Bates Guide To Physical Examination And History-Taking Essay

Question:

Describe about the Bates Guide To Physical Examination And History-Taking?

Answer:

1: Name of the common pathogens that cause HEENT

Some of the common pathogens of HEENT (Head, Eyes, Ear, Neck and Throat) are- Candida, Herpes Simplex, Haemophilus influenza Type B, Staphylococcus aureus, Enterococcus, Eikenella, Klebsiella, Pseudomonas, etc. These bacteria can cause common cold, Sinusitis, Otitis, Pharyngitis, Epiglottitis and Laryngotracheitis, Bronchitis, Pneumonia, etc. (Bickley & Szilagyi, 2012).

Antibiotics used to treat HEENT diseases

In the treatment of these diseases, different types of medicines need to be involved. Most of the viruses and bacteria, caused these diseases are very infectious as well as contagious. Also, it is also found that most of the causative pathogens such as influenza, enterococcus or staphylococcus gained more resistant to the drug used to treat previously discussed diseases. Therefore, multiple drugs could be administered to treat these diseases, which may include amoxicillin, levofloxacin, moxifloxacin, doxycycline, clavulanate, etc (Haber et al., 2015). For other unconfirmed illness, use of multiple drugs is also beneficial as the application of multiple drugs can treat diseases without harming the patient as well as without identifying the potential pathogens. However, if the disease does not cure with the application of multiple drugs, then the patient need to go through a proper assessment to identify the causative pathogens.

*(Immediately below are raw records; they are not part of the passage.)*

Lemma tmulPl a a' b b' y : veq a a' -> veq b b' -> P a b y ~ P a' b' y.
Proof.
move=> ha hb; elim: y => [v w||y1 IH1 y2 IH2|c y IH] /=.
- by apply: teq_pure; [apply: (salg_mulP hV ha) | apply: (salg_mulP hW hb)];
    [apply: (salg_refl hV) | apply: (salg_refl hW)].
- by [].
- by rewrite IH1 IH2.
- by rewrite IH.
Qed.

Lemma tmulPDl v v' w y : P (vadd v v') w y ~ tsum (P v w y) (P v' w y).
Proof.
elim: y => [a b||y1 IH1 y2 IH2|c y IH] /=.
- apply: teq_trans (teq_addl _ _ _); apply: teq_pure; [apply: (salg_mulDl hV) | apply: (salg_refl hW)].
- by rewrite teq_sum0.
- by rewrite IH1 IH2 tsumACA.
- by rewrite IH teq_scDr.
Qed.
Lemma tmulPDr v w w' y : P v (vadd w w') y ~ tsum (P v w y) (P v w' y).
Proof.
elim: y => [a b||y1 IH1 y2 IH2|c y IH] /=.
- apply: teq_trans (teq_addr _ _ _); apply: teq_pure; [apply: (salg_refl hV) | apply: (salg_mulDl hW)].
- by rewrite teq_sum0.
- by rewrite IH1 IH2 tsumACA.
- by rewrite IH teq_scDr.
Qed.
Lemma tmulPZl k v w y : P (vscale k v) w y ~ tsc k (P v w y).
Proof.
elim: y => [a b||y1 IH1 y2 IH2|c y IH] /=.
- apply: teq_trans (teq_scl _ _ _); apply: teq_pure; [apply: (salg_mulZl hV) | apply: (salg_refl hW)].
- by rewrite tsc_zero.
- by rewrite IH1 IH2 teq_scDr.
- by rewrite IH tscC.
Qed.
Lemma tmulPZr k v w y : P v (vscale k w) y ~ tsc k (P v w y).
Proof.
elim: y => [a b||y1 IH1 y2 IH2|c y IH] /=.
- apply: teq_trans (teq_scr _ _ _); apply: teq_pure; [apply: (salg_refl hV) | apply: (salg_mulZl hW)].
- by rewrite tsc_zero.
- by rewrite IH1 IH2 teq_scDr.
- by rewrite IH tscC.
Qed.

Lemma tmulTl x x' y : x ~ x' -> T x y ~ T x' y.
Proof.
elim=> /=.
- by [].
- by move=> ? ? _ ?; symmetry.
- by move=> ? ? ? _ h1 _ h2; rewrite h1 h2.
- by move=> ? ? ? ? _ h1 _ h2; rewrite h1 h2.
- by move=> ? ? ? _ h; rewrite h.
- by move=> *; apply: teq_sumA.
- by move=> *; apply: teq_sumC.
- by move=> *; apply: teq_sum0.
- by move=> *; apply: teq_sumN.
- by move=> *; apply: teq_sc1.
- by move=> *; apply: teq_scM.
- by move=> *; apply: teq_scDl.
- by move=> *; apply: teq_scDr.
- by move=> *; apply: tmulPl.
- by move=> *; apply: tmulPDl.
- by move=> *; apply: tmulPDr.
- by move=> *; apply: tmulPZl.
- by move=> *; apply: tmulPZr.
Qed.

Lemma tmulTr x y y' : y ~ y' -> T x y ~ T x y'.
Proof.
move=> h; elim: x => [a b||x1 IH1 x2 IH2|c x IH] /=.
- exact: tmulPr.
- by [].
- by rewrite IH1 IH2.
- by rewrite IH.
Qed.

Lemma tmulT_Proper : Proper (@teq V W ==> @teq V W ==> @teq V W) T.
Proof. by move=> x x' hx y y' hy; apply: teq_trans (tmulTl _ hx) (tmulTr _ hy). Qed.

Lemma tmulTDr x y z : T x (tsum y z) ~ tsum (T x y) (T x z).
Proof.
elim: x => [a b||x1 IH1 x2 IH2|c x IH] /=.
- by [].
- by rewrite teq_sum0.
- by rewrite IH1 IH2 tsumACA.
- by rewrite IH teq_scDr.
Qed.
Lemma tmulTZr x k y : T x (tsc k y) ~ tsc k (T x y).
Proof.
elim: x => [a b||x1 IH1 x2 IH2|c x IH] /=.
- by [].
- by rewrite tsc_zero.
- by rewrite IH1 IH2 teq_scDr.
- by rewrite IH tscC.
Qed.
Lemma tmulT0r x : T x tzero ~ tzero.
Proof.
elim: x => [a b||x1 IH1 x2 IH2|c x IH] /=.
- by [].
- by [].
- by rewrite IH1 IH2 teq_sum0.
- by rewrite IH tsc_zero.
Qed.

Lemma tmulTA x y z : T x (T y z) ~ T (T x y) z.
Proof.
have tmulPP a b c d z' : P a b (P c d z') ~ P (mV a c) (mW b d) z'.
  elim: z' => [u v||z1 IH1 z2 IH2|k z' IH] /=.
  - by apply: teq_pure; [apply: (salg_mulA hV) | apply: (salg_mulA hW)].
  - by [].
  - by rewrite IH1 IH2.
  - by rewrite IH.
elim: x => [a b||x1 IH1 x2 IH2|c x IH] /=; last 3 first.
- by [].
- by rewrite IH1 IH2.
- by rewrite IH.
elim: y => [c d||y1 IH1 y2 IH2|k y IH] /=.
- exact: tmulPP.
- by [].
- by rewrite IH1 IH2.
- by rewrite IH.
Qed.

End TensorMul.

(* Lets unification recognise [Uterm] and [tens _ _] as carriers of setoid vector spaces. *)
Canonical Uvs.
Canonical tensor.
Local Notation TU := (tmulT (@tmul Ugen) (@tmul Ugen)).
Local Notation one := (tpure (tscal 1 : Uterm) (tscal 1 : Uterm) : UU).

Lemma Uvs_setoid_alg : is_setoid_alg (V := Uvs) (@tmul Ugen).
Proof.
split=> *; rewrite /=.
- exact: aeq_refl.
- exact: aeq_mul.
- exact: aeq_mulDl.
- exact: aeq_mulDr.
- exact: tmul_smull.
- exact: tmul_smulr.
- exact: aeq_mulA.
Qed.

#[global] Instance TU_Proper : Proper (@teq Uvs Uvs ==> @teq Uvs Uvs ==> @teq Uvs Uvs) TU.
Proof. exact: tmulT_Proper Uvs_setoid_alg Uvs_setoid_alg. Qed.
#[global] Instance tpure_Proper : Proper (aeq Urel ==> aeq Urel ==> @teq Uvs Uvs) (@tpure Uvs Uvs).
Proof. by move=> ? ? ? ? ? ?; apply: teq_pure. Qed.

Section UPlusTensor.
Local Notation "x ~ y" := (@teq Uvs Uvs x y) (at level 70).

Lemma tmulP_one (x : UU) : tmulP (@tmul Ugen) (@tmul Ugen) (tscal 1) (tscal 1) x ~ x.
Proof.
elim: x => [a b||x1 IH1 x2 IH2|c x IH] /=.
- by rewrite !aeq_mul1l.
- by [].
- by rewrite IH1 IH2.
- by rewrite IH.
Qed.
Lemma tmulT_one (x : UU) : TU x one ~ x.
Proof.
elim: x => [a b||x1 IH1 x2 IH2|c x IH] /=.
- by rewrite !aeq_mul1r.
- by [].
- by rewrite IH1 IH2.
- by rewrite IH.
Qed.

Lemma UU_alg_model : is_alg_model (@teq Uvs Uvs) (@tsum Uvs Uvs) TU (fun c => tsc c one).
Proof.
have hU := Uvs_setoid_alg.
split=> /=.
- exact: teq_Equivalence.
- exact: tsum_Proper.
- exact: TU_Proper.
- by move=> *; apply: teq_sumA.
- by move=> *; apply: teq_sumC.
- by move=> x /=; rewrite tsc0 teq_sum0.
- by move=> x /=; rewrite tmulP_one tsc0; apply: teq_sumN.
- by move=> *; apply: tmulTA.
- by move=> x /=; rewrite tmulP_one teq_sc1.
- by move=> x /=; rewrite tmulTZr tmulT_one teq_sc1.
- by [].
- by move=> *; apply: tmulTDr.
- by move=> *; apply: teq_scDl.
- by move=> x y /=; rewrite !aeq_mul1l tscA.
- by move=> c x /=; rewrite tmulP_one tmulTZr tmulT_one.
Qed.

Lemma Delta_eval t : Delta t = eval (@tsum Uvs Uvs) TU (fun c => tsc c one) Delta_gen t.
Proof. by elim: t => //= a -> b ->. Qed.

End UPlusTensor.

Definition serre {G} (c1 c2 c3 : Qq) (u v f : term G) : term G :=
  tadd (tadd (tsmul c1 (tmul (tmul u v) f)) (tsmul c2 (tmul (tmul u f) v)))
       (tsmul c3 (tmul (tmul f u) v)).

Section SerreOfSum.
Context {G : Type} (R : term G -> term G -> Prop).
Local Notation "a ~ b" := (aeq R a b) (at level 70).
Variables (c1 c2 c3 : Qq).
Local Notation S := (serre c1 c2 c3).

Let tadd3ACA (A A' B B' C C' : term G) :
  tadd (tadd (tadd A A') (tadd B B')) (tadd C C') ~
  tadd (tadd (tadd A B) C) (tadd (tadd A' B') C').
Proof. by rewrite (taddACA R A A' B B') (taddACA R (tadd A B) (tadd A' B') C C'). Qed.

Lemma serreDl u u' v f : S (tadd u u') v f ~ tadd (S u v f) (S u' v f).
Proof. by rewrite /serre !(aeq_mulDl, aeq_mulDr) !tsmulDr tadd3ACA. Qed.
Lemma serreDm u v v' f : S u (tadd v v') f ~ tadd (S u v f) (S u v' f).
Proof. by rewrite /serre !(aeq_mulDl, aeq_mulDr) !tsmulDr tadd3ACA. Qed.
Lemma serreDr u v f f' : S u v (tadd f f') ~ tadd (S u v f) (S u v f').
Proof. by rewrite /serre !(aeq_mulDl, aeq_mulDr) !tsmulDr tadd3ACA. Qed.

Let tsmul_eq0 k (a : term G) : k = 0 -> tsmul k a ~ tscal 0.
Proof. by move=> ->; apply: tsmul0. Qed.

Let collect1 a1 a2 a3 a4 a5 a6 (A B : term G) :
  tadd (tadd (tadd (tsmul a1 A) (tsmul a2 A)) (tsmul a3 B))
       (tadd (tadd (tsmul a4 A) (tsmul a5 B)) (tsmul a6 B)) ~
  tadd (tsmul (a1 + a2 + a4) A) (tsmul (a3 + a5 + a6) B).
Proof.
rewrite (tsmulDl R a1 a2 A) -(aeq_addA _ (tsmul a4 A)) (tsmulDl R a5 a6 B) taddACA !tsmulDl.
by rewrite !addrA.
Qed.
Let collect2 a1 a2 a3 a4 a5 a6 (A B : term G) :
  tadd (tadd (tadd (tsmul a1 A) (tsmul a2 B)) (tsmul a3 B))
       (tadd (tadd (tsmul a4 A) (tsmul a5 A)) (tsmul a6 B)) ~
  tadd (tsmul (a1 + (a4 + a5)) A) (tsmul (a2 + a3 + a6) B).
Proof.
by rewrite -(aeq_addA _ (tsmul a1 A)) (tsmulDl R a2 a3 B) (tsmulDl R a4 a5 A) taddACA !tsmulDl.
Qed.

Variables (x y z w : term G) (s1 s2 s3 : Qq).
Hypotheses (Hyx : tmul y x ~ tsmul s1 (tmul x y))
           (Hyz : tmul y z ~ tsmul s2 (tmul z y))
           (Hwx : tmul w x ~ tsmul s3 (tmul x w))
           (Hxxz : S x x z ~ tscal 0) (Hyyw : S y y w ~ tscal 0).
Hypotheses (P1 : c1 + c2 * s3 + c3 * (s3 * s3) = 0)
           (P2 : c1 * (s2 * s2) + c2 * s2 + c3 = 0)
           (P3 : c1 * s2 + c2 + c1 * (s1 * s2) = 0)
           (P4 : c3 + c2 * (s1 * s2) + c3 * s1 = 0)
           (P5 : c1 + c1 * s1 + c2 * (s1 * s3) = 0)
           (P6 : c2 + c3 * s3 + c3 * (s1 * s3) = 0).

Lemma serre_xxw : S x x w ~ tscal 0.
Proof.
have e2 : tmul (tmul x w) x ~ tsmul s3 (tmul (tmul x x) w).
  by rewrite -aeq_mulA Hwx tmul_smulr aeq_mulA.
have e3 : tmul (tmul w x) x ~ tsmul (s3 * s3) (tmul (tmul x x) w).
  by rewrite Hwx tmul_smull e2 tsmulA.
rewrite /serre e2 e3 !tsmulA !tsmulDl; apply: tsmul_eq0; rewrite -P1; ring.
Qed.

Lemma serre_yyz : S y y z ~ tscal 0.
Proof.
have e2 : tmul (tmul y z) y ~ tsmul s2 (tmul (tmul z y) y).
  by rewrite Hyz tmul_smull.
have e1 : tmul (tmul y y) z ~ tsmul (s2 * s2) (tmul (tmul z y) y).
  by rewrite -aeq_mulA Hyz tmul_smulr aeq_mulA e2 tsmulA.
rewrite /serre e2 e1 !tsmulA !tsmulDl; apply: tsmul_eq0; rewrite -P2; ring.
Qed.

Lemma serre_xyz : tadd (S x y z) (S y x z) ~ tscal 0.
Proof.
have e1 : tmul (tmul x y) z ~ tsmul s2 (tmul (tmul x z) y).
  by rewrite -aeq_mulA Hyz tmul_smulr aeq_mulA.
have e4 : tmul (tmul y x) z ~ tsmul (s1 * s2) (tmul (tmul x z) y).
  by rewrite Hyx tmul_smull e1 tsmulA.
have e5 : tmul (tmul y z) x ~ tsmul (s2 * s1) (tmul (tmul z x) y).
  by rewrite Hyz tmul_smull -aeq_mulA Hyx tmul_smulr aeq_mulA tsmulA.
have e6 : tmul (tmul z y) x ~ tsmul s1 (tmul (tmul z x) y).
  by rewrite -aeq_mulA Hyx tmul_smulr aeq_mulA.
rewrite /serre e1 e4 e5 e6 !tsmulA -/(tsmul c2 (tmul (tmul x z) y)) collect1.
rewrite (_ : c1 * s2 + c2 + c1 * (s1 * s2) = 0) // (_ : c3 + c2 * (s2 * s1) + c3 * s1 = 0).
  by rewrite !tsmul0 aeq_add0.
by rewrite -P4; ring.
Qed.

Lemma serre_xyw : tadd (S x y w) (S y x w) ~ tscal 0.
Proof.
have e3 : tmul (tmul w x) y ~ tsmul s3 (tmul (tmul x w) y).
  by rewrite Hwx tmul_smull.
have e4 : tmul (tmul y x) w ~ tsmul s1 (tmul (tmul x y) w).
  by rewrite Hyx tmul_smull.
have e5 : tmul (tmul y w) x ~ tsmul (s3 * s1) (tmul (tmul x y) w).
  by rewrite -aeq_mulA Hwx tmul_smulr aeq_mulA e4 tsmulA.
have e6 : tmul (tmul w y) x ~ tsmul (s1 * s3) (tmul (tmul x w) y).
  by rewrite -aeq_mulA Hyx tmul_smulr aeq_mulA e3 tsmulA.
rewrite /serre e3 e4 e5 e6 !tsmulA collect2.
rewrite (_ : c1 + (c1 * s1 + c2 * (s3 * s1)) = 0); last by rewrite -P5; ring.
by rewrite (_ : c2 + c3 * s3 + c3 * (s1 * s3) = 0) // !tsmul0 aeq_add0.
Qed.

(* The expansion of [S (x + y) (x + y) (z + w)] has eight terms; the six scalar
   identities make the four groups other than [S x x z] and [S y y w] vanish. *)
Lemma serre_add : S (tadd x y) (tadd x y) (tadd z w) ~ tscal 0.
Proof.
rewrite serreDl !serreDm !serreDr Hxxz Hyyw serre_xxw serre_yyz !aeq_add0 !taddr0.
by rewrite taddACA serre_xyz serre_xyw aeq_add0.
Qed.

End SerreOfSum.

Section DeltaSerre.
Local Notation "x ~ y" := (@teq Uvs Uvs x y) (at level 70).
Local Notation "a ~~ b" := (aeq Urel a b) (at level 70).

Definition DeltaE1 i : UU := tpure (K (alphaX i)) (E i).
Definition DeltaE2 i : UU := tpure (E i) (K (muX i)).

Lemma DeltaE21C u v : TU (DeltaE2 u) (DeltaE1 v) ~
  tsc (q ^ (- pair_coroot (alphaX v) u + pair_coroot (muX u) v)) (TU (DeltaE1 v) (DeltaE2 u)).
Proof. by rewrite /DeltaE1 /DeltaE2 /= (mulEK (alphaX v) u) (mulKE (muX u) v) teq_scl teq_scr tscA -qzD. Qed.

Inductive gen4 := gx | gy | gz | gw.
Variables (c1 c2 c3 s1 s2 s3 : Qq) (i j : int).
Local Notation x := (tgen gx). Local Notation y := (tgen gy).
Local Notation z := (tgen gz). Local Notation w := (tgen gw).

Inductive rel4 : term gen4 -> term gen4 -> Prop :=
  | rel4_yx : rel4 (tmul y x) (tsmul s1 (tmul x y))
  | rel4_yz : rel4 (tmul y z) (tsmul s2 (tmul z y))
  | rel4_wx : rel4 (tmul w x) (tsmul s3 (tmul x w))
  | rel4_xxz : rel4 (serre c1 c2 c3 x x z) (tscal 0)
  | rel4_yyw : rel4 (serre c1 c2 c3 y y w) (tscal 0).

Definition Delta4 (g : gen4) : UU :=
  match g with gx => DeltaE1 i | gy => DeltaE2 i | gz => DeltaE1 j | gw => DeltaE2 j end.

Hypotheses (Hserre : serre c1 c2 c3 (E i) (E i) (E j) ~~ tscal 0)
  (Hs1 : s1 = q ^ (- pair_coroot (alphaX i) i + pair_coroot (muX i) i))
  (Hs2 : s2 = q ^ (- pair_coroot (alphaX j) i + pair_coroot (muX i) j))
  (Hs3 : s3 = q ^ (- pair_coroot (alphaX i) j + pair_coroot (muX j) i)).

Let KKK a b c : tmul (tmul (K a) (K b)) (K c) ~~ K (Xadd (Xadd a b) c).
Proof. by rewrite !mulKK. Qed.

Lemma Delta4_rel4 a b : rel4 a b ->
  eval (@tsum Uvs Uvs) TU (fun c => tsc c one) Delta4 a ~
  eval (@tsum Uvs Uvs) TU (fun c => tsc c one) Delta4 b.
Proof.
case=> /=.
- by rewrite !aeq_mul1l Hs1; apply: DeltaE21C.
- by rewrite !aeq_mul1l Hs2; apply: DeltaE21C.
- by rewrite !aeq_mul1l Hs3; apply: DeltaE21C.
- rewrite !aeq_mul1l !KKK (XaddC (alphaX j)) !(XaddAC (alphaX i) (alphaX j)).
  rewrite tsc0 -!teq_scr -!teq_addr /= -/(serre c1 c2 c3 (E i) (E i) (E j)) Hserre.
  by rewrite -(tsmul_scal0 Urel 0) teq_scr tsc0.
- rewrite !aeq_mul1l !KKK (XaddC (muX j)) !(XaddAC (muX i) (muX j)).
  rewrite tsc0 -!teq_scl -!teq_addl /= -/(serre c1 c2 c3 (E i) (E i) (E j)) Hserre.
  by rewrite -(tsmul_scal0 Urel 0) teq_scl tsc0.
Qed.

2: Standards of antibiotics, which can be administered in the pediatric population

From the research, it is found that same antibiotics could be administered to both of the adults and children. However, the nurse should be careful about the doses of medicines. In initial therapy for acute rhinosinusitis among the children following drugs could be used-

Amoxicillin (45 mg/kg/day)

Clindamycin (30-40 mg/kg/day)

Linezolid (30 mg/kg/day), for children no more than 12 years old

Amoxicillin- clavulanate (80-90 mg/ kg/day) [for severe infection]

Ceftriaxone (50mg/kg/day) [for severe infection]

Levofloxacin (10-20 mg/kg/ day) [for severe infection]

Assessment findings to prescribe antibiotic for respiratory symptoms or HEENT

A daytime cough, persistent nasal discharge (lasting for minimum ten days)

Purulent nasal discharge (opaque, colored and thick) (lasting for three days or more)

3: From the research, it is observed that the patient management, diagnosis, and etiology for a child who is wheezing can vary according to the child's age.

Children are more sensitive to the drugs than the adults are. It is known that the growth of a child varies depending on their ages. On the other hand, children of different ages do not possess similar physical condition (Seashore & Lohr, 2011). Such as the physical condition of a two-month-old child will certainly differ from 3 years old child. Therefore, nurses need to follow different diagnosis and management for children with different ages.

A daytime cough, persistent nasal discharge, and wheezing are considered as helpful to guide a proper diagnosis.

Continuous and day time coughing for more than three days is a clear sign of viral infection experienced by a child (Sawyer, 2011). Other clinical findings are also helpful since the color of purulent nasal discharge can indicate the severity of the infection.

In this case, chest X-ray can play an important role in diagnosis as it is helpful to find out the amount of thickened cough accumulated in the lungs and causing respiration problems.

References

Bickley, L., & Szilagyi, P. G. (2012). Bates' Guide To Physical Examination And History-Taking. Lippincott Williams & Wilkins.

Haber, J., Hartnett, E., Allen, K., Hallas, D., Dorsen, C., Lange-Kessler, J., ... & Wholihan, D. (2015). Putting the Mouth Back in the Head: HEENT to HEENOT. American journal of public health, 105(3), 437-441.

Sawyer, S. (2011). Pediatric Physical Examination & Health Assessment. Jones & Bartlett Publishers.

Seashore, C. J., & Lohr, J. A. (2011). Fever of unknown origin in children.Pediatric annals, 40(1), 26-30.